Madam Speaker, it is a pleasure to rise today to speak to this concurrence debate on a Conservative supplementary report on the variance in food prices.
It is interesting to hear my Liberal, NDP and Bloc colleagues not really talking about the impact that the carbon tax and other Liberal-NDP policies are having on Canadian farm families and our supply chain, which in turn, are driving up prices for Canadians and consumers, who are witnessing this first-hand at the grocery store shelves. We have talked a lot over the last week, our first week back in the House of Commons, about the impact we are seeing on food security in Canada.
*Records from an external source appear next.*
Lemma log_bid_ratio_ge {R : realType} (n m : nat) (mu : 'I_n -> R) (mul delta eps : R)
    (v b : 'I_n -> 'I_m -> R) i k :
  (0 < m)%N -> 0 < mul -> (forall i, mul <= mu i <= 1) -> 0 < delta < 1 ->
  0 < eps < delta / 25 -> (forall i j, 0 <= v i j <= 1) ->
  typical mu delta eps v -> PRD_bids delta mul v b -> i != k ->
  delta ^+ 2 / 4 <= \sum_j vbar v i j * (ln (b i j) - ln (b k j)).
Proof.
move=> m0 mul0 hmu hd he hv typ bids ik.
have [T1 _] := typ.
have [s [s0 s1 bEi bsum_i near_i]] :=
  PRD_bid_clip m0 mul0 (hmu i) hd he (hv i) (T1 i) bids.
have [s' [_ _ bEk bsum_k near_k]] :=
  PRD_bid_clip m0 mul0 (hmu k) hd he (hv k) (T1 k) bids.
have bmin0 := prd_bmin_gt0 m0 hd.
have bi_ge j : prd_bmin m delta <= b i j by rewrite bEi le_max lexx orbT.
have bk_ge j : prd_bmin m delta <= b k j by rewrite bEk le_max lexx orbT.
set X := \sum_j _; set L := \sum_j `|b i j - b k j|.
set K := \sum_j b i j * (ln (b i j) - ln (b k j)).
have pinsker_ik : L ^+ 2 / 2 <= K.
  apply: pinsker => // j.
  - exact: lt_le_trans (bi_ge j).
  - exact: lt_le_trans (bk_ge j).
have K_le_sX : K <= s * X.
  rewrite mulr_sumr; apply: ler_sum => j _; rewrite mulrA bEi.
  exact: max_mul_ln_ratio_le.
have X_ge0 : 0 <= X.
  rewrite -(pmulr_rge0 _ s0); apply: le_trans K_le_sX; apply: le_trans pinsker_ik.
  by rewrite divr_ge0 ?sqr_ge0.
have K_le_X : K <= X by apply: le_trans K_le_sX _; rewrite ler_piMl.
have [/andP[mul_le_mui _] /andP[mul_le_muk _]] := (hmu i, hmu k).
have /andP[delta0 delta1] := hd; have /andP[eps0 eps_lt] := he.
have vbar_far : (1 - eps) * delta - 2 * eps <= \sum_j `|vbar v i j - vbar v k j|.
  apply: (typical_vbar_l1_ge (mu := mu)) => //; try lra.
  by move=> a j; case/andP: (hv a j).
have L_ge : 18 / 25 * delta <= L.
  have := le_trans vbar_far (l1_triangle _ (b i) _).
  have := l1_triangle (b i) (b k) (vbar v k).
  rewrite -/L (eq_bigr _ (fun j _ => distrC (vbar v i j) (b i j))).
  have : eps * delta <= eps by rewrite ler_piMr ?ltW.
  rewrite /prd_l in near_i near_k; lra.
have : (18 / 25 * delta) ^+ 2 <= L ^+ 2 by rewrite ler_sqr ?nnegrE; lra.
have : (18 / 25 * delta) ^+ 2 = 324 / 625 * delta ^+ 2 by field.
lra.
Qed.

Theorem mainTheorem4 (R : realType) (n m : nat) (mu : 'I_n -> R) (mul delta eps : R)
  (v : 'I_n -> 'I_m -> R) (b : 'I_n -> 'I_m -> R) :
  (0 < m)%N ->
  0 < mul ->
  (forall i, mul <= mu i <= 1) ->
  0 < delta < 1 ->
  0 < eps < delta / 25 ->
  (forall i j, 0 <= v i j <= 1) ->
  typical mu delta eps v ->
  PRD_bids delta mul v b ->
  forall i k : 'I_n, i != k ->
    let fEM := \sum_(j < m) vbar v i j * (prd_x delta mul b i j - prd_x delta mul b k j) in
    fEM = 1 / (n%:R * prd_C delta mul)
            * \sum_(j < m) vbar v i j * (ln (b i j) - ln (b k j))
    /\ delta ^+ 2 / (4 * n%:R * prd_C delta mul) <= fEM.
Proof.
move=> m0 mul0 hmu hd he hv typ bids i k ik fEM.
have fEM_eq : fEM = 1 / (n%:R * prd_C delta mul)
    * \sum_(j < m) vbar v i j * (ln (b i j) - ln (b k j)).
  by rewrite /fEM mulr_sumr; apply: eq_bigr => j _; rewrite prd_x_sub; ring.
split => //; rewrite fEM_eq.
have n_pos : 0 < n%:R :> R by rewrite ltr0n; apply: leq_ltn_trans (ltn_ord i).
have C_pos : 0 < prd_C delta mul.
  by apply: prd_C_gt0 => //; rewrite mul0; case/andP: (hmu i) => /le_trans; apply.
have nC_pos : 0 < n%:R * prd_C delta mul by rewrite mulr_gt0.
have -> : delta ^+ 2 / (4 * n%:R * prd_C delta mul)
    = 1 / (n%:R * prd_C delta mul) * (delta ^+ 2 / 4).
  by field; rewrite !gt_eqF.
rewrite ler_pM2l ?divr_gt0 //.
exact: (log_bid_ratio_ge m0 mul0 hmu hd he hv typ bids ik).
Qed.
(* Let $d,H\ge1$, $T_{\max}\ge2$. Consider the model and loss defined in the context, with the unitary context distribution. Let $\theta^*=(\mathtt{A}^*,\mathtt{B}^*,P^* )$ satisfy $\ell(\theta^* )=0$ and set $\mathtt{C}^*=\mathtt{B}^{*\top}\mathtt{A}^*$. Then for every $T\in\{2,\dots,T_{\max}\}$: $P^*_{T-1,t}=0$ for all $t\in\{1,\dots,T-1\}$; $P^*_{T-1,T}\,\mathtt{C}^*_{ii}=1$ for all $i$; and $\mathtt{C}^*_{ij}=0$ for all $i\ne j$. Consequently $H\ge d$, and for every $\lambda$ with unit-modulus coordinates and $e_t=\lambda^{t-1}$, $\mathcal{T}_{\theta^*}(e_{1:T})=(\bar e_{T-1}\odot e_T)\odot e_T$ $(=\lambda^T)$.
   Context: Setting: $\lambda\in\mathbb{C}^d$ has i.i.d. coordinates uniform on the unit circle (unitary context distribution); $s_t=e_t=\lambda^{t-1}$ (coordinatewise powers; $s_1=1_d$, $s_{t+1}=\mathrm{diag}(\lambda)s_t$). Parameters $\theta=(\mathtt{A},\mathtt{B},P)$ with $\mathtt{A},\mathtt{B}\in\mathbb{R}^{H\times d}$ whose rows are $a_h,b_h\in\mathbb{R}^d$, and $P\in\mathbb{R}^{T_{\max}\times T_{\max}}$. Model: $\mathcal{T}_\theta(e_{1:T})=\sum_{h=1}^H\sum_{t=1}^T P_{T-1,t}\langle e_t,\mathrm{diag}(a_h)e_{T-1}\rangle_{\mathbb{C}}\mathrm{diag}(b_h)e_t$, where $\langle x,y\rangle_{\mathbb{C}}=\sum_i x_i\bar y_i$. Loss: $\ell(\theta)=\sum_{T=2}^{T_{\max}}\mathbb{E}_\lambda\|\mathcal{T}_\theta(e_{1:T})-s_{T+1}\|^2$ (Hermitian norm). $\odot$ is the coordinatewise product, bar is complex conjugation. *)

From Stdlib Require Import Reals.
From Coquelicot Require Import Coquelicot.
Open Scope R_scope.

Notation Cx := Complex.C.

Fixpoint Rsum (n : nat) (f : nat -> R) : R :=
  match n with O => 0 | S m => Rsum m f + f m end.
Fixpoint Csum (n : nat) (f : nat -> Cx) : Cx :=
  match n with O => RtoC 0 | S m => Cplus (Csum m f) (f m) end.

Fixpoint cpown (z : Cx) (n : nat) : Cx :=
  match n with O => RtoC 1 | S m => Cmult z (cpown z m) end.

(* Vectors of C^d are functions nat -> Cx, only coordinates 0..d-1 matter. *)
Definition cinner (d : nat) (x y : nat -> Cx) : Cx :=
  Csum d (fun i => Cmult (x i) (Cconj (y i))).
Definition cnorm2 (d : nat) (x : nat -> Cx) : R :=
  Rsum d (fun i => Cmod (x i) ^ 2).
Definition cdiag (a : nat -> R) (x : nat -> Cx) : nat -> Cx :=
  fun i => Cmult (RtoC (a i)) (x i).

(* e_t = lambda^(t-1) coordinatewise (t is 1-indexed). *)
Definition e_seq (lam : nat -> Cx) (t : nat) : nat -> Cx :=
  fun i => cpown (lam i) (t - 1).

(* Parameters: A, B : H x d real matrices given as (h,i) |-> entry, h < H, i < d
   (0-indexed); P : Tmax x Tmax real matrix given with 1-indexed entries P k t.
   Model:
   T_theta(e_{1:T}) = sum_{h<H} sum_{t=1}^T P_{T-1,t} <e_t, diag(a_h) e_{T-1}>_C diag(b_h) e_t *)
Definition model (d H : nat) (A B P : nat -> nat -> R) (e : nat -> nat -> Cx)
  (T : nat) : nat -> Cx :=
  fun j => Csum H (fun h => Csum T (fun t0 =>
    let t := S t0 in
    Cmult (Cmult (RtoC (P (T - 1)%nat t))
                 (cinner d (e t) (cdiag (A h) (e (T - 1)%nat))))
          (cdiag (B h) (e t) j))).

(* Expectation over lambda with i.i.d. coordinates uniform on the unit circle:
   lambda_i = exp(i theta_i) with theta_i i.i.d. uniform on [0, 2 pi];
   the d-fold integral is written as an iterated Riemann integral. *)
Definition upd (th : nat -> R) (m : nat) (x : R) : nat -> R :=
  fun i => if Nat.eqb i m then x else th i.
Fixpoint iter_int (n : nat) (f : (nat -> R) -> R) : R :=
  match n with
  | O => f (fun _ => 0)
  | S m => RInt (fun x => iter_int m (fun th => f (upd th m x))) 0 (2 * PI)
  end.
Definition unit_pt (th : nat -> R) : nat -> Cx :=
  fun i => (cos (th i), sin (th i)).
Definition E_unit (d : nat) (F : (nat -> Cx) -> R) : R :=
  iter_int d (fun th => F (unit_pt th)) / (2 * PI) ^ d.

(* Loss: sum_{T=2}^{Tmax} E_lambda || T_theta(e_{1:T}) - s_{T+1} ||^2,
   with s_{T+1} = lambda^T. *)
Definition loss (d H Tmax : nat) (A B P : nat -> nat -> R) : R :=
  Rsum (Tmax - 1) (fun k =>
    let T := (k + 2)%nat in
    E_unit d (fun lam =>
      cnorm2 d (fun j => Cminus (model d H A B P (e_seq lam) T j)
                               (cpown (lam j) T)))).
Lemma inv3_succ s st q : inv3 s st -> q \in succ3 st -> inv3 (rcons s q.1) q.2.
Proof.
case: st => [[|[|[|[|[|t]]]]] k] //=; rewrite !inE.
- move=> L /orP [] /eqP -> /=.
    by apply: (ladder_stay L) => // x; rewrite /rep0; lia.
  by apply: (ladder_climb L) => // x; rewrite /rep0; lia.
- move=> L; have [b1 c1 _ _] := L; case/or3P => /eqP -> /=.
  + by apply: (ladder_stay L) => // x; rewrite /rep0; lia.
  + by rewrite all_rcons b1 (subseq_rcons2 1 c1).
  + split=> //; last by rewrite last_rcons.
    by apply: (ladder_climb L) => // x; rewrite /rep0; lia.
- by case=> b1 w /orP [] /eqP -> /=; rewrite all_rcons b1 subseq_rcons_r.
- case=> k2 L lk /orP [] /eqP -> /=.
    split=> //; last by rewrite last_rcons.
      by apply: (ladder_stay L) => [x y | | x]; rewrite /rep0 /rep0_top ?lk; lia.
    by apply: (subseq_rcons2 (w := [:: 0; k])); apply: (ladder_subseq L) => /=; lia.
  split; [lia | | by rewrite last_rcons].
  by apply: (ladder_climb L) => // x; rewrite /rep0; lia.
- case=> k2 L kk lk /eqP -> /=; split=> //; last by rewrite last_rcons.
    by apply: (ladder_stay L) => [x y | | x]; rewrite /rep0_top ?lk; lia.
  exact: subseq_rcons_r.
Qed.

Lemma succ3_uniq s st : inv3 s st -> uniq (map fst (succ3 st)).
Proof. by case: st => [[|[|[|[|[|t]]]]] k] //=; rewrite !inE; lia. Qed.

Lemma a_P3 n : a_P P3 n.+1 = 2 ^ n + 'C(n.+1, 3).
Proof.
rewrite (@a_P_level _ P3 _ _ isT succ3P inv3_succ succ3_uniq fst trans3 _ (0, 0)).
- exact: level_size_root level3_1.
- by case=> [[|[|[|[|[|t]]]]] k].
- by split.
Qed.

Theorem theorem4p2 (n : nat) : 1 <= n ->
  a_P [:: [:: 0; 1; 0; 2]; [:: 0; 1; 1; 2]; [:: 0; 1; 2; 0]] n = 2 ^ n.-1 + 'C(n, 3) /\
  a_P [:: [:: 0; 1; 0; 2]; [:: 0; 1; 1; 2]; [:: 0; 1; 2; 1]] n = 2 ^ n.-1 + 'C(n, 3) /\
  a_P [:: [:: 0; 1; 1; 2]; [:: 0; 1; 2; 0]; [:: 0; 1; 2; 1]] n = 2 ^ n.-1 + 'C(n, 3).
Proof. by case: n => // n _; rewrite a_P1 a_P2 a_P3. Qed.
These numbers are truly startling, when we are seeing the number of Canadians who are now experiencing food insecurity in our country, a G7 country, up 111%. That is almost nine million Canadians struggling to find their next meal, millions of Canadian parents unable to feed their kids and 25% of our population struggling to put food on the table. These are numbers that I certainly never thought I would see in my lifetime.
The Liberals have been saying all afternoon that Canadians have just never had it so good, and I do not know what they are talking about. The stats are startling, and they are not only the stats on Canadians experiencing food insecurity but also the government's own data on on-farm income shows that it decreased 3% in 2022.
On-farm income is down $9.1 billion, from $13 billion in 2022, which is a drop of 41.7% from 2022 to 2023. Let us put this into some more specific numbers. In British Columbia, net farm income is down 36%; in Alberta, it is down 55%; in Saskatchewan, it is down 42%; in Quebec, it is down 43%; and in New Brunswick, it is down 55%. The member for Winnipeg North is saying that Manitoba farmers have never had it so good, but in that member's own province, that income has decreased 38%.
Why is this happening? It is because the carbon tax is costing Canadian farmers almost a billion dollars a year. It is continuing to go up year after year, but that is only what we are seeing in direct costs. They are also seeing higher costs on fertilizer, fuel, feed and every other input they are putting into their farm operations. Machinery and employment, all of these things, are seeing their prices go up.
On trucking, we have just heard that the Canadian Trucking Alliance has said that the impact that the carbon tax is having on their industry alone will be $4 billion by 2030. Bison Transport is not a huge trucking company, but it is a fairly substantial trucking company in western Canada. One of its owners is a constituent. Bison Transport paid $7.8 million in carbon taxes last year. That is one trucking company. It is halfway through this year, and it has already paid $4.5 million in carbon taxes. When its year-end is done, it will have paid close to $10 million in carbon taxes. That is just one trucking company, and they are passing those costs on to the consumer.
It is very difficult to square the circle of the Liberals saying that the carbon tax has no impact on food prices. Give me a break. Of course it does. That does not even talk about rail. CPKC and CN also charge producers and their vendors a carbon tax on everything they haul. Saskatchewan farmers paid $17 million in carbon taxes to the railways last year. That is $17 million, and we are wondering why farm incomes are so low and why we are seeing such a stark reduction in farm income.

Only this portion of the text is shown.